Miró wurde 1893 als Sohn eines Goldschmieds in Barcelona geboren.
1912 beginnt er ein Studium an der Kunstakademie in Barcelona.
1920 reist er das erste Mal nach Paris, wo er an der
Académie de la Grande Chaumière zeichnet.
1927 zieht Miró nach Cité des Fusains und hat somit unter anderem Max Ernst,
Jean Arp und Pierre Bonnard als Nachbarn.
Im Jahre 1928 lernt er in Paris den Bildhauer Alexander Calder kennen,
mit dem ihn eine lebenslange Freundschaft verbinden soll,
die sich auch in seinen Werken widerspiegelt.
1932 lernt er 1933 Wassily Kandinsky kennen.
1956 verlegt Miró seinen festen Wohnsitz nach Palma de Mallorca.
Son Abrines wird von Mirós Schwager entworfen und gebaut,
so dass Joan Miró und seine Frau Pilar Juncosa
1958 einziehen können.
Im gleichen Jahr erwirbt Miró mit der Dotierung des
Internationalen Guggenheimpreises das angrenzende Son Boter,
welches ursprünglich als Skulpturenwerkstatt geplant war,
aber im Laufe der Zeit zu seinem zweiten Malstudio wird.
Den Bau einer Werkstätte auf dem Gelände übernimmt
Josep Lluís Sert, ein besonderer Freund Mirós.
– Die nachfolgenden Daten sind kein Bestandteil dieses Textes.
Lemma scontinuousM f g : scontinuous f -> scontinuous g -> scontinuous (f \* g).
Proof.
by move=> /scontinuousP fc /scontinuousP gc; apply/scontinuousP => x; exact: cvgM.
Qed.

Lemma scontinuous_comp f (h : R -> R) :
  scontinuous f -> continuous h -> scontinuous (h \o f).
Proof.
move=> /scontinuousP fc hc; apply/scontinuousP => x.
by apply: continuous_cvg; [exact: hc | exact: fc].
Qed.

Lemma scontinuous_scons f a : scontinuous f -> scontinuous (f \o scons a).
Proof.
move=> fc x e e0; have [n fn] := fc (scons a x) e e0.
by exists n => y xy; apply: fn => -[|i] //= ltin; apply: xy; exact: ltnW.
Qed.

Lemma scontinuous_indic_cylinder n w : scontinuous (\1_(cylinder n w) : Sigma q -> R).
Proof.
move=> x e e0; exists n => y xy; rewrite !indicE.
suff -> : (y \in cylinder n w) = (x \in cylinder n w) by rewrite subrr normr0.
apply/idP/idP => /set_mem wz; apply/mem_set => i ltin; rewrite -wz //.
  by rewrite xy.
by rewrite -xy.
Qed.

Definition set_coord x n a : Sigma q := fun i => if i == n then a else x i.

Definition bounded_on_cylinder f n x := exists M, forall y, agree n x y -> `|f y| <= M.

Lemma bounded_on_cylinder_refine f n x :
  (forall a, bounded_on_cylinder f n.+1 (set_coord x n a)) -> bounded_on_cylinder f n x.
Proof.
move=> /choice[M fM]; exists (\sum_a `|M a|) => y xy.
apply: le_trans (fM (y n) y _) _.
  move=> i; rewrite ltnS leq_eqVlt /set_coord => /predU1P[-> | ltin].
    by rewrite eqxx.
  by rewrite (ltn_eqF ltin) xy.
rewrite (bigD1 (y n)) //= (le_trans (ler_norm _)) // lerDl sumr_ge0 //.
Qed.

(* Koenig's lemma: were [f] unbounded, the nested cylinders on which it stays
   unbounded would shrink to a point at which [f] is not continuous. *)
Lemma scontinuous_bounded f : scontinuous f -> exists M : R, forall x, `|f x| <= M.
Proof.
move=> fc; pose x0 : Sigma q := fun=> ord0.
have [[M fM] | unb0] := pselect (bounded_on_cylinder f 0 x0).
  by exists M => x; apply: fM.
have step (nx : nat * Sigma q) : exists a, ~ bounded_on_cylinder f nx.1 nx.2 ->
    ~ bounded_on_cylinder f nx.1.+1 (set_coord nx.2 nx.1 a).
  have [b | unb] := pselect (bounded_on_cylinder f nx.1 nx.2); first by exists ord0.
  have /existsNP[a ha] :
      ~ (forall a, bounded_on_cylinder f nx.1.+1 (set_coord nx.2 nx.1 a)).
    by move/bounded_on_cylinder_refine.
  by exists a.
have [a ha] := choice step.
pose zs := fix zs k := if k is k.+1 then set_coord (zs k) k (a (k, zs k)) else x0.
have unb k : ~ bounded_on_cylinder f k (zs k) by elim: k => // k IH; exact: (ha (k, zs k)).
have zsE m i : (i < m)%N -> zs m i = zs i.+1 i.
  elim: m => // m IH; rewrite ltnS leq_eqVlt => /predU1P[-> // | ltim].
  by rewrite /= /set_coord (ltn_eqF ltim) IH.
pose z i := zs i.+1 i.
have [N fN] := fc z 1 ltr01.
case: (unb N); exists (`|f z| + 1) => y zNy.
have zy : agree N z y by move=> i ltiN; rewrite zNy // zsE.
have := fN y zy; rewrite distrC => lt1.
rewrite -[f y](subrK (f z)); apply: le_trans (ler_normD _ _) _.
by rewrite addrC lerD2l ltW.
Qed.

Definition birkhoff_var psi n x y :=
  \sum_(i < n) `|psi (iter i (@Defs.shift q) x) - psi (iter i (@Defs.shift q) y)|.

Lemma birkhoff_dist_le_var psi n x y :
  `|birkhoff psi n y - birkhoff psi n x| <= birkhoff_var psi n x y.
Proof.
rewrite /birkhoff -sumrB; apply: le_trans (ler_norm_sum _ _ _) _.
by apply: ler_sum => i _; rewrite distrC.
Qed.

Definition distortion psi n := supnorm (xi psi n) + supnorm (xi psi n).

Section BoundedPotential.
Variables (psi : Sigma q -> R) (M : R).
Hypothesis psiM : forall x, `|psi x| <= M.

Lemma birkhoff_var_le n x y : birkhoff_var psi n x y <= n%:R * (M + M).
Proof.
apply: (@le_trans _ _ (\sum_(i < n) (M + M))).
  by apply: ler_sum => i _; apply: le_trans (ler_normB _ _) _; exact: lerD.
by rewrite sumr_const card_ord mulr_natl.
Qed.

Lemma birkhoff_var_le_xi n x y : agree n x y -> birkhoff_var psi n x y <= xi psi n x.
Proof.
move=> xy; apply: ub_le_sup; last by exists y.
by exists (n%:R * (M + M)) => _ [z _ <-]; exact: birkhoff_var_le.
Qed.

Lemma xi_ge0 n x : 0 <= xi psi n x.
Proof. by apply: le_trans (birkhoff_var_le_xi (y := x) _) => //; exact: sumr_ge0. Qed.

Lemma xi_le n x : xi psi n x <= n%:R * (M + M).
Proof.
apply: ge_sup; first by exists (birkhoff_var psi n x x), x.
by move=> _ [y _ <-]; exact: birkhoff_var_le.
Qed.

Lemma xi_le_supnorm n x : xi psi n x <= supnorm (xi psi n).
Proof.
apply: le_trans (ler_norm _) _; apply: ub_le_sup; last by exists x.
by exists (n%:R * (M + M)) => _ [y _ <-]; rewrite ger0_norm ?xi_ge0 ?xi_le.
Qed.

Lemma birkhoff_cylinder_dist n w y z : agree n w y -> agree n w z ->
  `|birkhoff psi n y - birkhoff psi n z| <= distortion psi n.
Proof.
have dist_w v : agree n w v -> `|birkhoff psi n v - birkhoff psi n w| <= supnorm (xi psi n).
  move=> wv; apply: le_trans (xi_le_supnorm n w).
  exact: le_trans (birkhoff_dist_le_var _ _ _ _) (birkhoff_var_le_xi wv).
move=> /dist_w wy /dist_w wz; rewrite -(subrKA (birkhoff psi n w)).
by apply: le_trans (ler_normD _ _) _; rewrite distrC in wz; exact: lerD.
Qed.

End BoundedPotential.

Lemma subexp_xi psi c : 0 < c -> (fun n => supnorm (xi psi n) / n%:R) @ \oo --> 0 ->
  subexp (fun n => expR (distortion psi n) * c).
Proof.
move=> c0 xi0; apply: subexp_expRM => //.
by under eq_fun do rewrite mulrDl; rewrite -[0]addr0; exact: cvgD.
Qed.

Lemma weak_bounded_variation_xi psi : scontinuous psi ->
  (fun n => supnorm (xi psi n) / n%:R) @ \oo --> 0 -> weak_bounded_variation psi.
Proof.
move=> /scontinuous_bounded[M psiM] xi0.
exists (fun n => expR (distortion psi n) * 1).
split=> [|n x y w xy xw]; first exact: subexp_xi.
rewrite mulr1 ler_expR; apply: le_trans (ler_norm _) _.
exact: (birkhoff_cylinder_dist psiM xy xw).
Qed.

Lemma measurable_cylinder n w : measurable (cylinder n w : set (SigmaM q)).
Proof. by apply: sub_sigma_algebra; exists n, w. Qed.

Section Conformal.
Local Open Scope ereal_scope.
Variables (psi : Sigma q -> R) (mu : {measure set (SigmaM q) -> \bar R}).
Hypotheses (psi_cont : scontinuous psi) (mu_conf : conformal psi mu).
Let lambda := spectral_radius psi.

Lemma conformal_integral_cylinder n w f : scontinuous f ->
  (lambda ^+ n)%:E * \int[mu]_x (\1_(cylinder n w) x * f x)%:E =
  \int[mu]_x (expR (birkhoff psi n (prepend n w x)) * f (prepend n w x))%:E.
Proof.
elim: n w f => [|n IH] w f fc.
  rewrite expr0 mul1e; apply: eq_integral => x _.
  by rewrite prepend0 /birkhoff big_ord0 expR0 mul1r indicE mem_set ?mul1r.
rewrite exprSr EFinM -muleA -mu_conf.2; last first.
  exact/scontinuousM/fc/scontinuous_indic_cylinder.
under eq_integral do rewrite transfer_indic_cylinder.
have gc : scontinuous ((expR \o (psi \o scons (w 0%N))) \* (f \o scons (w 0%N)))%R.
  apply: scontinuousM; last exact: scontinuous_scons.
  by apply: scontinuous_comp; [exact: scontinuous_scons | exact: continuous_expR].
rewrite IH //.
apply: eq_integral => x _; rewrite prependS birkhoffS expRD /=.
by congr (_%:E); rewrite mulrCA mulrA.
Qed.

Lemma conformal_cylinder n w : (lambda ^+ n)%:E * mu (cylinder n w) =
  \int[mu]_x (expR (birkhoff psi n (prepend n w x)))%:E.
Proof.
rewrite -[cylinder n w]setIT -(integral_indic _ measurableT (measurable_cylinder n w)).
under eq_integral do rewrite -[\1_ _ _]mulr1.
rewrite conformal_integral_cylinder; last exact: scontinuous_cst.
by under eq_integral do rewrite mulr1.
Qed.

Lemma conformal_massE : mu setT = (fine (mu setT))%:E.
Proof. by case: mu_conf => /andP[]; case: (mu setT). Qed.

Lemma conformal_mass_gt0 : (0 < fine (mu setT))%R.
Proof. by case: mu_conf => /andP[]; case: (mu setT) => //= m; rewrite lte_fin. Qed.

Lemma spectral_radius_gt0 : (0 < lambda)%R.
Proof.
have [M psiM] := scontinuous_bounded psi_cont.
have := mu_conf.2 _ (scontinuous_cst 1); rewrite integral_cst // mul1e => conf1.
have : (expR (- M))%:E * mu setT <= \int[mu]_x (transfer psi (fun=> 1%R) x)%:E.
  apply: integral_ge_cst => [|x]; first exact/ltW/expR_gt0.
  rewrite /transfer (bigD1 ord0) //= mulr1 -[leLHS]addr0 lerD //.
    by rewrite ler_expR lerNl; apply: le_trans (ler_norm _) _; rewrite normrN.
  by rewrite sumr_ge0 // => a _; rewrite mulr1 ltW // expR_gt0.
rewrite conf1 conformal_massE -!EFinM lee_fin ler_pM2r ?conformal_mass_gt0 //.
exact: lt_le_trans (expR_gt0 _).
Qed.

Lemma conformal_cylinderE n w : mu (cylinder n w) = (fine (mu (cylinder n w)))%:E.
Proof.
have mC := measurable_cylinder n w; rewrite fineK // ge0_fin_numE ?measure_ge0 //.
apply: le_lt_trans (le_measure _ _ _ (subsetT _)) _; rewrite ?inE //.
by case: mu_conf => /andP[].
Qed.

Lemma conformal_cylinder_bounds n w y : agree n w y ->
  (expR (birkhoff psi n y - distortion psi n) * fine (mu setT))%:E
    <= mu (cylinder n w) * (lambda ^+ n)%:E
    <= (expR (birkhoff psi n y + distortion psi n) * fine (mu setT))%:E.
Proof.
have [M psiM] := scontinuous_bounded psi_cont.
move=> wy; have dist z := birkhoff_cylinder_dist psiM (@agree_prepend n w z) wy.
rewrite muleC conformal_cylinder !EFinM -conformal_massE; apply/andP; split.
  apply: integral_ge_cst => [|z]; first exact/ltW/expR_gt0.
  by rewrite ler_expR; move: (dist z); rewrite ler_distl => /andP[].
apply: integral_le_cst => [z|z]; first exact/ltW/expR_gt0.
by rewrite ler_expR; move: (dist z); rewrite ler_distl => /andP[].
Qed.

Lemma conformal_weak_gibbs : (fun n => supnorm (xi psi n) / n%:R)%R @ \oo --> 0%R ->
  weak_gibbs psi mu.
Proof.
move=> xi0; have m0 := conformal_mass_gt0; set m := fine (mu setT) in m0 *.
exists (ln lambda), (fun n => expR (distortion psi n) * (m + m^-1))%R; split.
  by apply: subexp_xi => //; rewrite addr_gt0 ?invr_gt0.
move=> n w y wy; have := conformal_cylinder_bounds wy.
set B := birkhoff psi n y; set d := distortion psi n.
rewrite conformal_cylinderE -!EFinM !lee_fin (expRD B) (expRD B d) (expRD (- B)) !expRN.
rewrite expRM_natl lnK ?posrE ?spectral_radius_gt0 // mulrCA => bounds.
exact: le_symmetric_bounds (expR_gt0 _) (expR_gt0 _) m0 bounds.
Qed.

End Conformal.

End ShiftSpace.

Unset Implicit Arguments.

Theorem proposition5 (R : realType) (q : nat) (psi : Sigma q -> R) :
  scontinuous psi ->
  (fun n : nat => supnorm (xi psi n) / n%:R) @ \oo --> (0 : R) ->
  (forall mu : {measure set (SigmaM q) -> \bar R}, conformal psi mu -> weak_gibbs psi mu)
  /\ weak_bounded_variation psi.
Proof.
move=> psi_cont xi0; split; last exact: weak_bounded_variation_xi.
by move=> mu mu_conf; exact: conformal_weak_gibbs.
Qed.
Der Direktor der Graduate School of Design in Harvard
gilt als Wortführer der europäischen Avantgarde der Architektur.
Als Kenner der Gedankenwelt Mirós schafft Sert einen poetischen
und funktionellen Raum, in dem Miró seinen künstlerischen Prozess
zum Höhepunkt bringen kann.
Aus Sorge, sein kreatives Umfeld könnte in Vergessenheit geraten
oder ganz verschwinden, übergibt Miró einen Teil seines Besitzes
als Schenkung der Stadtverwaltung von Palma.
Auf Grund der Schenkung wird im Jahr 1981 die Stiftung
„Fundació Pilar i Joan Miró a Mallorca“ gegründet.